WORK TO COMPLETE
Starting at the line that contains "(hpos : forall t, 0 < lam t)" in the listing below, write out every line word for word until you have written the line that contains "(\sum_(t1 in E1)".

RECORDS
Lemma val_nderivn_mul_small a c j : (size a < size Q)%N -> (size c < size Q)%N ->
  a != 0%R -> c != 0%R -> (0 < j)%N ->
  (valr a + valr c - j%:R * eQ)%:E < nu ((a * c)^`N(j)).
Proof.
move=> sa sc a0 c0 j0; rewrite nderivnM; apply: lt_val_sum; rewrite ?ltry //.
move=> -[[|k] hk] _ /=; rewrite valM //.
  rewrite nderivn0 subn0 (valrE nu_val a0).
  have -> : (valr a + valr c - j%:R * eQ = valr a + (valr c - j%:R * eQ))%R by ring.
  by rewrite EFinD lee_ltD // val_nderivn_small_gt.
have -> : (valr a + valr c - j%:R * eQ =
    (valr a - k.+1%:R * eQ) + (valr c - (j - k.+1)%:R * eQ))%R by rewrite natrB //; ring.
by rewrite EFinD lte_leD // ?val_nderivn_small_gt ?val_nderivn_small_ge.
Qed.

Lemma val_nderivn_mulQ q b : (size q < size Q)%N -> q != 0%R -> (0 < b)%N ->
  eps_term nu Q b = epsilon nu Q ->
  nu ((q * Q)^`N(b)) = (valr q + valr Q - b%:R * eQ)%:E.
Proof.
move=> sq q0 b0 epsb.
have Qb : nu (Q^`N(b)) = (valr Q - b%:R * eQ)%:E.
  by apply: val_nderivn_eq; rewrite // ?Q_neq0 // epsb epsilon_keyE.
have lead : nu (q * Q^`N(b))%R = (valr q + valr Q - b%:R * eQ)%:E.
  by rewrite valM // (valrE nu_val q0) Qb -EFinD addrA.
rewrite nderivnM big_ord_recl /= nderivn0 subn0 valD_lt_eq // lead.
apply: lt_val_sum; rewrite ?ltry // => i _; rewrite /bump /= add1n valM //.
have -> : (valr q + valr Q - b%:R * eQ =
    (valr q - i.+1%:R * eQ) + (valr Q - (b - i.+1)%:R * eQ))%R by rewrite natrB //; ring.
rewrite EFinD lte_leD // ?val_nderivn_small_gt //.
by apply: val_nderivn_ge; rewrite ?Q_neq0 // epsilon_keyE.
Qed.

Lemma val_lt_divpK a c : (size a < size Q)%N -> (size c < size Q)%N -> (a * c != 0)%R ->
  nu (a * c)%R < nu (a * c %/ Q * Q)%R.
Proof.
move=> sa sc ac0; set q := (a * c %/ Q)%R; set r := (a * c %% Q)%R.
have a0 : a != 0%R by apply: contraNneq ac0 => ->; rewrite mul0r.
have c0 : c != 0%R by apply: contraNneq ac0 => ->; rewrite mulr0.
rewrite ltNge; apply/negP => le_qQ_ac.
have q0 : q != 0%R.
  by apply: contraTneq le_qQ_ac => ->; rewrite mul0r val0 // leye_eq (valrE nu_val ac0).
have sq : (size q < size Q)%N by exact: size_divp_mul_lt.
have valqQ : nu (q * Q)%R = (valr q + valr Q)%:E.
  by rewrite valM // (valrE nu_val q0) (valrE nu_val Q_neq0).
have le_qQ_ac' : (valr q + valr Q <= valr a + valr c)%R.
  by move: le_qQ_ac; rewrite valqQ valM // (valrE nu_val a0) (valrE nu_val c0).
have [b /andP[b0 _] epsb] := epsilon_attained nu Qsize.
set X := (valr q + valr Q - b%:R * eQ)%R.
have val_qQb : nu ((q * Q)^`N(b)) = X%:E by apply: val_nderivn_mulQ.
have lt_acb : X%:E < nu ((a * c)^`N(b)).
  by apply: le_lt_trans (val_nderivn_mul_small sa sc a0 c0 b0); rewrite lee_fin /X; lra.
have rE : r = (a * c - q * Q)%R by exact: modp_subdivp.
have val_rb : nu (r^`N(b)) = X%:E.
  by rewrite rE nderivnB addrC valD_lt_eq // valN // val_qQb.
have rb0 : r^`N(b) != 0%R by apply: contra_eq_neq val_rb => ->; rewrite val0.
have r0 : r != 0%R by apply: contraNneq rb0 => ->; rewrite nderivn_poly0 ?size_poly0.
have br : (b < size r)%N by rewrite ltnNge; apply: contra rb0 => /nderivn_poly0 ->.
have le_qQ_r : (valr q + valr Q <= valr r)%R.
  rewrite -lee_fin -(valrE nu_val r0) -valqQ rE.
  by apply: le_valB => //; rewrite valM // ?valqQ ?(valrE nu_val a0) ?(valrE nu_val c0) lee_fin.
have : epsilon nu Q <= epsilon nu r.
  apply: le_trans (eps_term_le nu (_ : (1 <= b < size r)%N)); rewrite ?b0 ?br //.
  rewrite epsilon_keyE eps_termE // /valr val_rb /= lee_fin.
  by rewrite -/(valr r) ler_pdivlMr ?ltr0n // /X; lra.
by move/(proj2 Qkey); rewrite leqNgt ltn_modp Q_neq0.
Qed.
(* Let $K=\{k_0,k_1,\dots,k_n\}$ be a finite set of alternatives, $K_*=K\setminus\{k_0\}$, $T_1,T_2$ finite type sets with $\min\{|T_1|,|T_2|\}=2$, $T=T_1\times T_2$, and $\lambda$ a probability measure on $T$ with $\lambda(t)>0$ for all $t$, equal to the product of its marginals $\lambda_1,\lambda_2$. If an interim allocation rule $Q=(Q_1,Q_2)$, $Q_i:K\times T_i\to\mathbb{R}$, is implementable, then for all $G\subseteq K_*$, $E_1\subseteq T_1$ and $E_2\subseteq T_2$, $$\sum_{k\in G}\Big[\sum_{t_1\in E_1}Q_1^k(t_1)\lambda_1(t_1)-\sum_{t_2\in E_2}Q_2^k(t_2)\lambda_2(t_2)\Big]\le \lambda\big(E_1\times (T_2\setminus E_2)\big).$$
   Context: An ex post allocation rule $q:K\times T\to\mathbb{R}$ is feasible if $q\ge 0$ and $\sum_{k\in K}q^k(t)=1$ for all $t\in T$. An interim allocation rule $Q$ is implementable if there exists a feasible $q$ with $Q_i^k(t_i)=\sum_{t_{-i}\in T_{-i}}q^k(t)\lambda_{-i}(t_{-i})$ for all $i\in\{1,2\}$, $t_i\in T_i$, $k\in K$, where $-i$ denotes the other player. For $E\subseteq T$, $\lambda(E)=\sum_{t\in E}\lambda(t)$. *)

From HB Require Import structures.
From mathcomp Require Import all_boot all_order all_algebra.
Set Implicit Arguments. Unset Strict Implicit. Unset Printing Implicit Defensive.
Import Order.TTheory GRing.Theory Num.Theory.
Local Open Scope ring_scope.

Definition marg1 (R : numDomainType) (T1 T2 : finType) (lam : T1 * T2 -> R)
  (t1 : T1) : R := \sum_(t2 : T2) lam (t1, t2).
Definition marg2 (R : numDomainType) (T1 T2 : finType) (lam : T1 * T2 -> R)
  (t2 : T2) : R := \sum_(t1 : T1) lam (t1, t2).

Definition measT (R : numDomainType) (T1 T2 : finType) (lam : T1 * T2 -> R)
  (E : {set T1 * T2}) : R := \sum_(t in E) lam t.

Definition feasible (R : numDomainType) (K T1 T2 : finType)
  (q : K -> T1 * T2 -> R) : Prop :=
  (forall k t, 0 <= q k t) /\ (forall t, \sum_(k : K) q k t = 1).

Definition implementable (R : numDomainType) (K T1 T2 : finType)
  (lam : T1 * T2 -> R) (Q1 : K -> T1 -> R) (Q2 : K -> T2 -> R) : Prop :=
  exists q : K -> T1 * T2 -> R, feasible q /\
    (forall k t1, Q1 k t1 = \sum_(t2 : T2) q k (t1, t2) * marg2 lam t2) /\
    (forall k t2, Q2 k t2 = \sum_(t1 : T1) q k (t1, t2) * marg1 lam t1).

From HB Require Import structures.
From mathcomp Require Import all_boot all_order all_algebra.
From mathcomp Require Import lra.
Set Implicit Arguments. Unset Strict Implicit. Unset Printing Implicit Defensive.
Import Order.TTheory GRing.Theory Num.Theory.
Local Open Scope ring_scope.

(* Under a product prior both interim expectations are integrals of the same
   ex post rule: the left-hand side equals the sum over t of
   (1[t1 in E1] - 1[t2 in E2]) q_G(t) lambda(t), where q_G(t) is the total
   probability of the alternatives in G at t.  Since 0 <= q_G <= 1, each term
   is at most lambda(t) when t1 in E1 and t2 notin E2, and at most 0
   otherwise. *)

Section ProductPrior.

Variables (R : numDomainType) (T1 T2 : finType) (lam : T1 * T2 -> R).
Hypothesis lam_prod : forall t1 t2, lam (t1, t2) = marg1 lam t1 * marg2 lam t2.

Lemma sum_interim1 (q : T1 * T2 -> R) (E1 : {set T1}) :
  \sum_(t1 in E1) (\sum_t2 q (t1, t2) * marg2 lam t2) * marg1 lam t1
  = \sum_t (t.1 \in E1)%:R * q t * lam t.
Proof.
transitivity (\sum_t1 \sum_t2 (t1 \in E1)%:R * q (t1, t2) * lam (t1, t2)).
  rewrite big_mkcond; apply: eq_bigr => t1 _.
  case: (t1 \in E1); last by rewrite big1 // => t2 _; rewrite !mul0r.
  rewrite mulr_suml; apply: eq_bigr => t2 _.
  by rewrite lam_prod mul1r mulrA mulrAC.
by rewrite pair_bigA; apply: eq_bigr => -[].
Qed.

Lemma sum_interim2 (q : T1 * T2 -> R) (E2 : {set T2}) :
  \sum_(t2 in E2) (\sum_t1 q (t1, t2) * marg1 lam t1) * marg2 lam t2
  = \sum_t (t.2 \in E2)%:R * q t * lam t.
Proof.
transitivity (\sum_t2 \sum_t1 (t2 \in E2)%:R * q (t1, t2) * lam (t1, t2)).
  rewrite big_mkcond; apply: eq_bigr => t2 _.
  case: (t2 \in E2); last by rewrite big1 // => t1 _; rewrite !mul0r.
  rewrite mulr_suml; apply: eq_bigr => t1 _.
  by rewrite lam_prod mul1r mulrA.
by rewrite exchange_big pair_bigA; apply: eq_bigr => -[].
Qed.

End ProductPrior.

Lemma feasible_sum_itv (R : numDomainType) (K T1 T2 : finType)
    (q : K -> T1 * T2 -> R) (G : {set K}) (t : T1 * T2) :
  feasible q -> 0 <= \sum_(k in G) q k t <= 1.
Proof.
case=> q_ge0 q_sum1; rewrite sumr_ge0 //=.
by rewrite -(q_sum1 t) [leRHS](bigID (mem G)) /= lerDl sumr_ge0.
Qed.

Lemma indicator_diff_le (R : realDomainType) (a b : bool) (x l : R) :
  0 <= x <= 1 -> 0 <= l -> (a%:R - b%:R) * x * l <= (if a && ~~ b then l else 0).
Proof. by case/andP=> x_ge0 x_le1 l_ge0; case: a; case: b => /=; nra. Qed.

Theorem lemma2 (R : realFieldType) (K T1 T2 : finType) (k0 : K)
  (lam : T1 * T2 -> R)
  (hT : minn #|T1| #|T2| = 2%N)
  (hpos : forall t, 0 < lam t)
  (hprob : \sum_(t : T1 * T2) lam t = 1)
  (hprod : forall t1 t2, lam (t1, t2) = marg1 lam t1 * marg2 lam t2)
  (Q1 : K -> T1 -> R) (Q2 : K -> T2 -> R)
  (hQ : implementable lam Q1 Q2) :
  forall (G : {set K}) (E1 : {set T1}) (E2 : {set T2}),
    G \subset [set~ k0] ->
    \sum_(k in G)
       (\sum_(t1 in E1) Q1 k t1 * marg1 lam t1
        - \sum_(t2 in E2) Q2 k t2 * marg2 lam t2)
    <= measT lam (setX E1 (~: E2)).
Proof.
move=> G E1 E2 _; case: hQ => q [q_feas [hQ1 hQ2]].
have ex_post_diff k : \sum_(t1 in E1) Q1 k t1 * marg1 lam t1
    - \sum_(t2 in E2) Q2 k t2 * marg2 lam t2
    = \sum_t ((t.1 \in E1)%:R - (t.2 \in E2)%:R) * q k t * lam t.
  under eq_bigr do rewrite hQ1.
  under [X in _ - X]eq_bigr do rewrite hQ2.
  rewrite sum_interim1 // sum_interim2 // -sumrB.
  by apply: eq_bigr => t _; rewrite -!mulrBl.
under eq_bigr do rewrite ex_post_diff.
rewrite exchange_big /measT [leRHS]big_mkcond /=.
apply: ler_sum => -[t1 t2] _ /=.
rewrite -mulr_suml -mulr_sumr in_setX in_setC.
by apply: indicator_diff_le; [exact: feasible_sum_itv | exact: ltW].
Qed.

REPLY TO THE EXERCISE
  (hpos : forall t, 0 < lam t)
  (hprob : \sum_(t : T1 * T2) lam t = 1)
  (hprod : forall t1 t2, lam (t1, t2) = marg1 lam t1 * marg2 lam t2)
  (Q1 : K -> T1 -> R) (Q2 : K -> T2 -> R)
  (hQ : implementable lam Q1 Q2) :
  forall (G : {set K}) (E1 : {set T1}) (E2 : {set T2}),
    G \subset [set~ k0] ->
    \sum_(k in G)
       (\sum_(t1 in E1) Q1 k t1 * marg1 lam t1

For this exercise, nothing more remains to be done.